■ What you are asked to do
Copy out every line holding the string "FNeg" from the records below.
(Data for this task)
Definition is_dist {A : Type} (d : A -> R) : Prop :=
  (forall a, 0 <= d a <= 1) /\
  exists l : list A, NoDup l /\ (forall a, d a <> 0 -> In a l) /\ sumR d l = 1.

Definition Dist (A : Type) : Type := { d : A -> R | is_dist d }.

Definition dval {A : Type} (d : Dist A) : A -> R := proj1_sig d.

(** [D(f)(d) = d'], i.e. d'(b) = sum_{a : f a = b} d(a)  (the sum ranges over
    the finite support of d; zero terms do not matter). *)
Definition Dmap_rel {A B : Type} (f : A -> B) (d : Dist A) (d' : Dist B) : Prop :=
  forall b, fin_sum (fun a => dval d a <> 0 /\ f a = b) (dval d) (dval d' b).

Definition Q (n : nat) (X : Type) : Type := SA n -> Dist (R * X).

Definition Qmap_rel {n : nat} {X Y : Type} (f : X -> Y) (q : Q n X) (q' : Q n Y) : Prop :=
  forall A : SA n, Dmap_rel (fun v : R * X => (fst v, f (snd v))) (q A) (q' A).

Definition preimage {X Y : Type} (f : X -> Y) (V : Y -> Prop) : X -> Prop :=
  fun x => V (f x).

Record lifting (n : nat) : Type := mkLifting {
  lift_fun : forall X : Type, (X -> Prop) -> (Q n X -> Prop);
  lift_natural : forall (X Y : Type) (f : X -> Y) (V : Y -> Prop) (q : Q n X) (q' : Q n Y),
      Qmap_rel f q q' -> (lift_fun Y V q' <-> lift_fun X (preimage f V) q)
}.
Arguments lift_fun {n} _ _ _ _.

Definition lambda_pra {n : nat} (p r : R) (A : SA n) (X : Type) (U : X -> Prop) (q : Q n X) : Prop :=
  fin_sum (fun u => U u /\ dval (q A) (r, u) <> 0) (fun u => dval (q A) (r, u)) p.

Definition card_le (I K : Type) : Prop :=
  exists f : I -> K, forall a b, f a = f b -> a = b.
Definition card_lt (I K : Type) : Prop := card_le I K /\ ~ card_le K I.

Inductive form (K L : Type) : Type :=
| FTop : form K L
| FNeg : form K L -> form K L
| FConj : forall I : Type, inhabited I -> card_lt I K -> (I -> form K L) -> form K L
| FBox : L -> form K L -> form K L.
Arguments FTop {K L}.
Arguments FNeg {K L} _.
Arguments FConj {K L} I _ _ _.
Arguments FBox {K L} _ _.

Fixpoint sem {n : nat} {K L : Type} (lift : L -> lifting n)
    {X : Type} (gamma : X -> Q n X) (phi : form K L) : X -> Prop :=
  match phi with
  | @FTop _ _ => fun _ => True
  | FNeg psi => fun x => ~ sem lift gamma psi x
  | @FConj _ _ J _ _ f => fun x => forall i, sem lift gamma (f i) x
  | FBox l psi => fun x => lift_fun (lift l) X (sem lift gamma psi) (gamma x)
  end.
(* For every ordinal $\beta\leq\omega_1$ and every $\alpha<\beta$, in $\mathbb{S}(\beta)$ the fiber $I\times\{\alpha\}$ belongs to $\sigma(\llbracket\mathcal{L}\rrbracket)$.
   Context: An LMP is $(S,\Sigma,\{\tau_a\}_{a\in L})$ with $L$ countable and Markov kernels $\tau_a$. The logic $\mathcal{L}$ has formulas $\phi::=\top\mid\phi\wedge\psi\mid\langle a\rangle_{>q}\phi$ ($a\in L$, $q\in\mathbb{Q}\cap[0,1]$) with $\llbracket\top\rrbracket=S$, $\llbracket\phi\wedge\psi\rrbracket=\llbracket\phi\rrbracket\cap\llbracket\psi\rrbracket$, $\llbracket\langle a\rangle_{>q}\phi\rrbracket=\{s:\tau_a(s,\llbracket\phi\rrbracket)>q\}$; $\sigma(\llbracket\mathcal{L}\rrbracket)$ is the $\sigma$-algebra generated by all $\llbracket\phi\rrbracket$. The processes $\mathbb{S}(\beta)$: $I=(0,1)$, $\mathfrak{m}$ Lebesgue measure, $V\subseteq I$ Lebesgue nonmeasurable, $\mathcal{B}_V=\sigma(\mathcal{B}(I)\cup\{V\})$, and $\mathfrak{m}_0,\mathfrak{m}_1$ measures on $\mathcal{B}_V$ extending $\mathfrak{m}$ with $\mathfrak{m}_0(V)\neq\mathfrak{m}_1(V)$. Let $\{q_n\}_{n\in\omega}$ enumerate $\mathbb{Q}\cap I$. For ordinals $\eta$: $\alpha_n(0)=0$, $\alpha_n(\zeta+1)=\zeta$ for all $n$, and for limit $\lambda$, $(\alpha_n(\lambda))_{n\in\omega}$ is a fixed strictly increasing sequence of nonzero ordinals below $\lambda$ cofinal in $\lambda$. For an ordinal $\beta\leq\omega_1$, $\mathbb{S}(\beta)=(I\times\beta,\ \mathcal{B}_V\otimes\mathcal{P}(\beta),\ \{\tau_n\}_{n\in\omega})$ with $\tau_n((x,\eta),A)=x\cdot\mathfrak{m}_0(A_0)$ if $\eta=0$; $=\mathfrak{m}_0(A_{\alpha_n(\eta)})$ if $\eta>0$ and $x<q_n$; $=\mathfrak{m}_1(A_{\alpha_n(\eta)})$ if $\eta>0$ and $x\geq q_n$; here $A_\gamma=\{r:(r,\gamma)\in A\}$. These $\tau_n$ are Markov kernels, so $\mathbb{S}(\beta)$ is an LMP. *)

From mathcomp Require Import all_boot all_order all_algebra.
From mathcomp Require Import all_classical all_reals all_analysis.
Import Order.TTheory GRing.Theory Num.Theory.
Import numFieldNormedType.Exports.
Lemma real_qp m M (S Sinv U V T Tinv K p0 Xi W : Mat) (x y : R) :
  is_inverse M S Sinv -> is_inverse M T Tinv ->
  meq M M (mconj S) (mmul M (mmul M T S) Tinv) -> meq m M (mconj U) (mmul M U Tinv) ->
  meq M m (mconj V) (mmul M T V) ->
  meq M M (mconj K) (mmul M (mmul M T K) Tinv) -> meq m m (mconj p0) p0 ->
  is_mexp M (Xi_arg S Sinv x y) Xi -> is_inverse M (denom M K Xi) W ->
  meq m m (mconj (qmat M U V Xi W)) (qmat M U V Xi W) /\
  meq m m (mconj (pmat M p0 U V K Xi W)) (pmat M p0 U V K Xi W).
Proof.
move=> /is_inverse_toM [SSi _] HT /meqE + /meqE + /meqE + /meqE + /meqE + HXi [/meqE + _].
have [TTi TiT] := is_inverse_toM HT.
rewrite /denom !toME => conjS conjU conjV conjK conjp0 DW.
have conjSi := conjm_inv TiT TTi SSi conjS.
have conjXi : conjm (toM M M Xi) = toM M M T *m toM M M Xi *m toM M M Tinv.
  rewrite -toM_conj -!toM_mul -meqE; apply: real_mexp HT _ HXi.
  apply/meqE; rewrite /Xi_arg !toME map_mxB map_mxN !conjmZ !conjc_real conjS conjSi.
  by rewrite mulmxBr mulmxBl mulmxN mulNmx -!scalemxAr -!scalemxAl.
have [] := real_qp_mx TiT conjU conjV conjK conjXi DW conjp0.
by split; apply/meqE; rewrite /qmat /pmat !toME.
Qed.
(End Data for this task)
■ Result below
| FNeg : form K L -> form K L
Arguments FNeg {K L} _.
  | FNeg psi => fun x => ~ sem lift gamma psi x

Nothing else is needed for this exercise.